So und nun habe ich leider wirklich keine Ahnung wie es weiter geht. Ich verstehe nicht, wie er eine Summe ermitteln kann, wenn es doch nur eine Integervariable zahl gibt. Man müsste ja sozusagen unendlich viele Variablen erzeugen, wo dann halt Eingabewerte hineinkommen, aber das wäre ja viel zu viel Schreibarbeit.
Könnt ihr mir weiterhelfen?!

Vielen Dank im Voraus.
Liebe Grüße, schnosi.


----------



## Michael... (11. Nov 2009)

Statt der for eine while Schleife verwenden, welche die Eingabe überprüft:
while(zahl>0) {...}


----------



## Leroy42 (11. Nov 2009)

schnosi hat gesagt.:


> Man müsste ja sozusagen unendlich viele Variablen erzeugen



Nein! Du mußt einfach nur die Anweisung *zahl = Terminal.askInt("Zahl eingeben: "); *
solange aufrufen wie nur positive Werte eingegeben wurden und diese dann in der
Variablen *sum* summieren.


----------



## Schandro (11. Nov 2009)

entweder benutzt du en Array bzw. ne Collection, um alle Zahlen zu speichern und sie im nachhinein zu addieren.

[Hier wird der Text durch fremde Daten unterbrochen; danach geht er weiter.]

(* In any generalized-noncontextual ontological model of quantum theory, for each unit vector $\hat n_k\in\mathbb{R}^3$ and $\eta\in[0,1]$, the response function of the $\eta$-sharp spin measurement $\mathcal{M}_k$ given by the qubit POVM $\{E^k_{X_k}=\tfrac12\mathbf{1}+\tfrac{\eta}{2}X_k\vec\sigma\cdot\hat n_k\}_{X_k\in\{+1,-1\}}$ has the form $$p(X_k|\mathcal{M}_k;\lambda)=\eta\,[X_k(\lambda)]+(1-\eta)\big(\tfrac12[+1]+\tfrac12[-1]\big),$$ where $X_k(\lambda)\in\{+1,-1\}$ is the outcome assigned at $\lambda$ to the projective spin measurement along $\hat n_k$, and $[x]$ denotes the deterministic response function assigning probability 1 to outcome $x$.
   Context: An ontological model of quantum theory specifies ontic states $\lambda$, distributions $p(\lambda|P)$ for preparation procedures and response functions $p(X|M;\lambda)$ for measurement procedures reproducing the quantum statistics. It is measurement-noncontextual if operationally equivalent measurement procedures (same POVM) have identical response functions, preparation-noncontextual if operationally equivalent preparation procedures (same density operator) have identical distributions, and generalized-noncontextual if it is both. $\vec\sigma$ denotes the vector of Pauli matrices. *)

From HB Require Import structures.
From mathcomp Require Import all_boot all_order all_algebra.
From mathcomp Require Import all_classical all_reals all_analysis.
From mathcomp.real_closed Require Import complex.

Set Implicit Arguments.
Unset Strict Implicit.
Unset Printing Implicit Defensive.

Import Order.TTheory GRing.Theory Num.Theory.
Local Open Scope ring_scope.
Local Open Scope classical_set_scope.
Local Open Scope complex_scope.
Local Open Scope ring_scope.

Section Qubit.
Variable R : realType.
Local Notation C := (R[i]).

Definition adjmx m n (A : 'M[C]_(m, n)) : 'M[C]_(n, m) := \matrix_(i, j) (A j i)^*.

Definition psd (A : 'M[C]_2) : Prop :=
  adjmx A = A /\ forall v : 'cV[C]_2, 0 <= ((adjmx v) *m A *m v) 0 0.

Definition is_density (rho : 'M[C]_2) : Prop := psd rho /\ \tr rho = 1.
Definition is_effect (E : 'M[C]_2) : Prop := psd E /\ psd (1 - E).

Definition density := {rho : 'M[C]_2 | is_density rho}.
Definition effect := {E : 'M[C]_2 | is_effect E}.
Definition weight := {p : R | 0 <= p <= 1}.

(* Born rule probability tr(rho E) (real part; it is real for psd operators) *)
Definition born (rho E : 'M[C]_2) : R := complex.Re (\tr (rho *m E)).

Definition sigma_x : 'M[C]_2 := \matrix_(i, j) (if i == j then 0 else 1).
Definition sigma_y : 'M[C]_2 :=
  \matrix_(i, j) (if i == j then 0 else if (i : nat) == 0%N then - 'i%C else 'i%C).
Definition sigma_z : 'M[C]_2 :=
  \matrix_(i, j) (if i == j then (if (i : nat) == 0%N then 1 else -1) else 0).

Definition sigma_dot (n : 'rV[R]_3) : 'M[C]_2 :=
  (n 0 0)%:C *: sigma_x + (n 0 1)%:C *: sigma_y + (n 0 2%:R)%:C *: sigma_z.

Definition unit_vector (n : 'rV[R]_3) : Prop := \sum_(i < 3) n 0 i ^+ 2 = 1.

(* Outcome +1 is encoded by [true], outcome -1 by [false]. *)
Definition outcome_sign (x : bool) : R := if x then 1 else -1.

Definition eta_spin_effect (eta : R) (n : 'rV[R]_3) (x : bool) : 'M[C]_2 :=
  (2^-1)%:C *: 1 + (eta / 2 * outcome_sign x)%:C *: sigma_dot n.

(* Operational theory of (binary-outcome) qubit quantum theory: procedures
   generated from primitive procedures (any density operator / any binary
   POVM {E, 1-E}, each with arbitrarily many distinct implementations
   labelled by a tag) by convex mixing, and for measurements also by
   deterministic relabelling (classical post-processing) of outcomes. *)
Inductive prep :=
  | PBasic of density & nat
  | PMix of weight & prep & prep.

Inductive meas :=
  | MBasic of effect & nat
  | MMix of weight & meas & meas
  | MRelabel of (bool -> bool) & meas.

Fixpoint dens (P : prep) : 'M[C]_2 :=
  match P with
  | PBasic rho _ => sval rho
  | PMix p P1 P2 => (sval p)%:C *: dens P1 + (1 - sval p)%:C *: dens P2
  end.

Fixpoint povm (M : meas) (x : bool) : 'M[C]_2 :=
  match M with
  | MBasic E _ => if x then sval E else 1 - sval E
  | MMix p M1 M2 => (sval p)%:C *: povm M1 x + (1 - sval p)%:C *: povm M2 x
  | MRelabel f M1 => \sum_(y : bool | f y == x) povm M1 y
  end.

Record ontological_model := OntModel {
  ont_disp : measure_display;
  ontic : measurableType ont_disp;
  mu : prep -> probability ontic R;
  xi : meas -> bool -> ontic -> R;
  xi_measurable : forall M x, measurable_fun setT (xi M x);
  xi_ge0 : forall M x l, 0 <= xi M x l;
  xi_sum1 : forall M l, xi M true l + xi M false l = 1;
  mu_mix : forall p P1 P2 A, measurable A ->
    mu (PMix p P1 P2) A = ((sval p)%:E * mu P1 A + (1 - sval p)%:E * mu P2 A)%E;
  xi_mix : forall p M1 M2 x l,
    xi (MMix p M1 M2) x l = sval p * xi M1 x l + (1 - sval p) * xi M2 x l;
  xi_relabel : forall f M x l,
    xi (MRelabel f M) x l = \sum_(y : bool | f y == x) xi M y l;
  reproduces : forall P M x,
    (\int[mu P]_l (xi M x l)%:E)%E = (born (dens P) (povm M x))%:E
}.


Definition meas_noncontextual (m : ontological_model) : Prop :=
  forall M M', (forall x, povm M x = povm M' x) -> @xi m M = @xi m M'.

Definition prep_noncontextual (m : ontological_model) : Prop :=
  forall P P', dens P = dens P' -> @mu m P = @mu m P'.

Definition generalized_noncontextual (m : ontological_model) : Prop :=
  meas_noncontextual m /\ prep_noncontextual m.

Definition det_resp (x : bool) (y : bool) : R := if y == x then 1 else 0.

End Qubit.

Arguments xi {R} o M x l.
Arguments mu {R} o P.
Arguments det_resp {R} x y.

From HB Require Import structures.
From mathcomp Require Import all_boot all_order all_algebra.
From mathcomp Require Import all_classical all_reals all_analysis.
From mathcomp.real_closed Require Import complex.
From mathcomp Require Import ring lra measurable_realfun.

Set Implicit Arguments.
Unset Strict Implicit.
Unset Printing Implicit Defensive.
Import Order.TTheory GRing.Theory Num.Theory.
Local Open Scope ring_scope.
Local Open Scope classical_set_scope.
Local Open Scope complex_scope.

(* Measurement noncontextuality makes response functions affine in the POVM.
   The eta-sharp spin effect is the eta-mixture of the projective one with the
   trivial effect 1/2, whose response is 1/2 because relabelling its outcomes
   does not change it; this gives the unsharp response.  Preparation
   noncontextuality makes every state absolutely continuous with respect to the
   maximally mixed state 1/2, since mixing rho evenly with 1 - rho gives 1/2.
   But 1/2 is also the even mixture of the two spin eigenstates, each of which
   assigns probability 0 to the opposite outcome; so almost surely under 1/2,
   hence under every preparation, one of the two projective responses
   vanishes, i.e. the projective measurement is outcome deterministic. *)

Section HermitianForm.
Variable R : realFieldType.

Definition herm2_form (a d b1 b2 x1 x2 y1 y2 : R) : R :=
  a * (x1 ^+ 2 + x2 ^+ 2) + d * (y1 ^+ 2 + y2 ^+ 2)
  + 2 * (b1 * (x1 * y1 + x2 * y2) - b2 * (x1 * y2 - x2 * y1)).

Lemma herm2_form_ge0 (a d b1 b2 x1 x2 y1 y2 : R) :
  0 <= a -> 0 <= d -> b1 ^+ 2 + b2 ^+ 2 <= a * d ->
  0 <= herm2_form a d b1 b2 x1 x2 y1 y2.
Proof.
move=> a_ge0 d_ge0 hb.
have aQ : a * herm2_form a d b1 b2 x1 x2 y1 y2 =
    (a * x1 + b1 * y1 - b2 * y2) ^+ 2 + (a * x2 + b1 * y2 + b2 * y1) ^+ 2
    + (a * d - (b1 ^+ 2 + b2 ^+ 2)) * (y1 ^+ 2 + y2 ^+ 2).
  by rewrite /herm2_form; ring.
have [a0|a_neq0] := eqVneq a 0.
  have [-> ->] : b1 = 0 /\ b2 = 0 by split; nra.
  by rewrite /herm2_form a0; nra.
have : 0 <= a * herm2_form a d b1 b2 x1 x2 y1 y2.
  rewrite aQ addr_ge0 ?addr_ge0 ?sqr_ge0 // mulr_ge0 ?subr_ge0 //.
  by rewrite addr_ge0 ?sqr_ge0.
by rewrite pmulr_rge0 // lt0r a_neq0.
Qed.

Lemma herm2_form_ge0P (a d b1 b2 : R) :
  (forall x1 x2 y1 y2, 0 <= herm2_form a d b1 b2 x1 x2 y1 y2) <->
  [/\ 0 <= a, 0 <= d & b1 ^+ 2 + b2 ^+ 2 <= a * d].
Proof.
split=> [Q_ge0|[a_ge0 d_ge0 hb] *]; last exact: herm2_form_ge0.
set b := b1 ^+ 2 + b2 ^+ 2.
have b_ge0 : 0 <= b by rewrite addr_ge0 ?sqr_ge0.
have a_ge0 : 0 <= a by have := Q_ge0 1 0 0 0; rewrite /herm2_form; lra.
have d_ge0 : 0 <= d by have := Q_ge0 0 0 1 0; rewrite /herm2_form; lra.
split=> //.
have [ad0|ad_neq0] := eqVneq (a + d) 0.
  have [a0 d0] : a = 0 /\ d = 0 by split; lra.
  have := Q_ge0 1 0 (- b1) b2; rewrite /herm2_form a0 d0 /b; nra.
(* The test vectors (d, -conj b) and (-b, a) give d (ad - |b|^2) >= 0 and
   a (ad - |b|^2) >= 0. *)
have hd := Q_ge0 d 0 (- b1) b2.
have ha := Q_ge0 (- b1) (- b2) a 0.
have : 0 <= (a + d) * (a * d - b).
  by move: hd ha; rewrite /herm2_form /b; nra.
by rewrite pmulr_rge0 ?subr_ge0 // lt0r ad_neq0 addr_ge0.
Qed.

End HermitianForm.

Section QubitMatrices.
Variable R : realType.
Local Notation C := R[i].
Local Notation Re := (@complex.Re R).
Local Notation Im := (@complex.Im R).

Lemma ord2P (i : 'I_2) : i = 0 \/ i = 1.
Proof. by case: i => [[|[|k]] Hi]; [left; apply: val_inj|right; apply: val_inj|]. Qed.

Lemma sum_ord2 (V : nmodType) (F : 'I_2 -> V) : \sum_(i < 2) F i = F 0 + F 1.
Proof. by rewrite big_ord_recl big_ord1; congr (_ + F _); apply: val_inj. Qed.

Definition herm2 (a d b1 b2 : R) : 'M[C]_2 :=
  \matrix_(i, j) if i == j then (if (i : nat) == 0%N then a%:C else d%:C)
                 else if (i : nat) == 0%N then b1 +i* b2 else b1 -i* b2.

Lemma matrix2P (A B : 'M[C]_2) :
  A 0 0 = B 0 0 -> A 0 1 = B 0 1 -> A 1 0 = B 1 0 -> A 1 1 = B 1 1 -> A = B.
Proof.
move=> h00 h01 h10 h11; apply/matrixP => i j.
by case: (ord2P i) => ->; case: (ord2P j) => ->.
Qed.

Lemma conjcE (x : C) : x^*%R = x^*%C. Proof. by []. Qed.

Ltac herm2_entries := apply: matrix2P; rewrite !mxE ?conjcE /=; simpc.

Lemma herm2D (a d b1 b2 a' d' c1 c2 : R) :
  herm2 a d b1 b2 + herm2 a' d' c1 c2 = herm2 (a + a') (d + d') (b1 + c1) (b2 + c2).
Proof. by herm2_entries; congr (_ +i* _); ring. Qed.

Lemma herm2Z (p a d b1 b2 : R) :
  p%:C *: herm2 a d b1 b2 = herm2 (p * a) (p * d) (p * b1) (p * b2).
Proof. by herm2_entries; congr (_ +i* _); ring. Qed.

Lemma herm2B (a d b1 b2 a' d' c1 c2 : R) :
  herm2 a d b1 b2 - herm2 a' d' c1 c2 = herm2 (a - a') (d - d') (b1 - c1) (b2 - c2).
Proof. by herm2_entries; congr (_ +i* _); ring. Qed.

Lemma herm2_1 : 1 = herm2 1 1 0 0.
Proof. by herm2_entries. Qed.

Lemma adjmx_herm2 (a d b1 b2 : R) : adjmx (herm2 a d b1 b2) = herm2 a d b1 b2.
Proof. by herm2_entries. Qed.

Lemma hermitian_herm2 (A : 'M[C]_2) : adjmx A = A ->
  A = herm2 (Re (A 0 0)) (Re (A 1 1)) (Re (A 0 1)) (Im (A 0 1)).
Proof.
move=> hA; have Aji i j : A i j = (A j i)^*%C by rewrite -[in LHS]hA mxE.
have real_diag i : A i i = (Re (A i i))%:C.
  by move: (Aji i i); case: (A i i) => a a' /= [h]; rewrite (_ : a' = 0) //; lra.
apply: matrix2P; rewrite !mxE /=; try exact: real_diag; first by case: (A 0 1).
by rewrite (Aji 1 0); case: (A 0 1).
Qed.

Lemma mxtrace_herm2 (a d b1 b2 : R) : \tr (herm2 a d b1 b2) = (a + d)%:C.
Proof. by rewrite /mxtrace sum_ord2 !mxE /= rmorphD. Qed.

Lemma born_herm2 (a d b1 b2 a' d' c1 c2 : R) :
  born (herm2 a d b1 b2) (herm2 a' d' c1 c2) =
  a * a' + d * d' + 2 * (b1 * c1 + b2 * c2).
Proof. rewrite /born /mxtrace sum_ord2 !mxE !sum_ord2 !mxE /=; ring. Qed.

Lemma herm2_quadE (a d b1 b2 : R) (v : 'cV[C]_2) :
  (adjmx v *m herm2 a d b1 b2 *m v) 0 0 =
  (herm2_form a d b1 b2 (Re (v 0 0)) (Im (v 0 0)) (Re (v 1 0)) (Im (v 1 0)))%:C.
Proof.
rewrite !mxE !sum_ord2 !mxE !sum_ord2 !mxE /=.
case: (v 0 0) => x1 x2; case: (v 1 0) => y1 y2 /=; simpc.
by rewrite /herm2_form; congr (_ +i* _); ring.
Qed.

Lemma psd_herm2P (a d b1 b2 : R) :
  psd (herm2 a d b1 b2) <-> [/\ 0 <= a, 0 <= d & b1 ^+ 2 + b2 ^+ 2 <= a * d].
Proof.
rewrite -herm2_form_ge0P; split=> [[_ Q_ge0] x1 x2 y1 y2|Q_ge0].
  pose v : 'cV[C]_2 := \col_i (if (i : nat) == 0%N then x1 +i* x2 else y1 +i* y2).
  by have := Q_ge0 v; rewrite herm2_quadE !mxE /= ler0c.
by split=> [|v]; rewrite ?adjmx_herm2 // herm2_quadE ler0c.
Qed.

Lemma is_density_herm2 (a d b1 b2 : R) : is_density (herm2 a d b1 b2) <->
  [/\ 0 <= a, 0 <= d & b1 ^+ 2 + b2 ^+ 2 <= a * d] /\ a + d = 1.
Proof. by rewrite /is_density psd_herm2P mxtrace_herm2; split=> [[? [->]]|[? ->]]. Qed.

Lemma density_herm2 (rho : 'M[C]_2) :
  is_density rho -> exists a d b1 b2, rho = herm2 a d b1 b2.
Proof. by case=> -[/hermitian_herm2 ->]; do 4 eexists. Qed.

Oder du addierst einfach zu "sum" immer die aktuelle Eingabe hinzu...


----------



## Leroy42 (11. Nov 2009)

Schandro hat gesagt.:


> entweder benutzt du en Array bzw. ne Collection, um alle Zahlen zu speichern und sie im nachhinein zu addieren.


Schwachsinn. :autsch:



Schandro hat gesagt.:


> Oder du addierst einfach zu "sum" immer die aktuelle Eingabe hinzu...



Schon besser!


----------



## schnosi (11. Nov 2009)

Ja okay... das war mir klar, dass ich da immer die aktuelle Eingabe hinzu addieren muss. Aber wie mache ich das? Vom logischen her müsste ich für jede Zahl eine neue Variable erzeugen. So wie ihr es aber erklärt, muss das nicht sein... sagt mir bitte wie... bin am verzweifeln ...


----------



## Michael... (11. Nov 2009)

Michael... hat gesagt.:


> Statt der for eine while Schleife verwenden, welche die Eingabe überprüft:
> while(zahl>0) {...}


Tipp erweitert...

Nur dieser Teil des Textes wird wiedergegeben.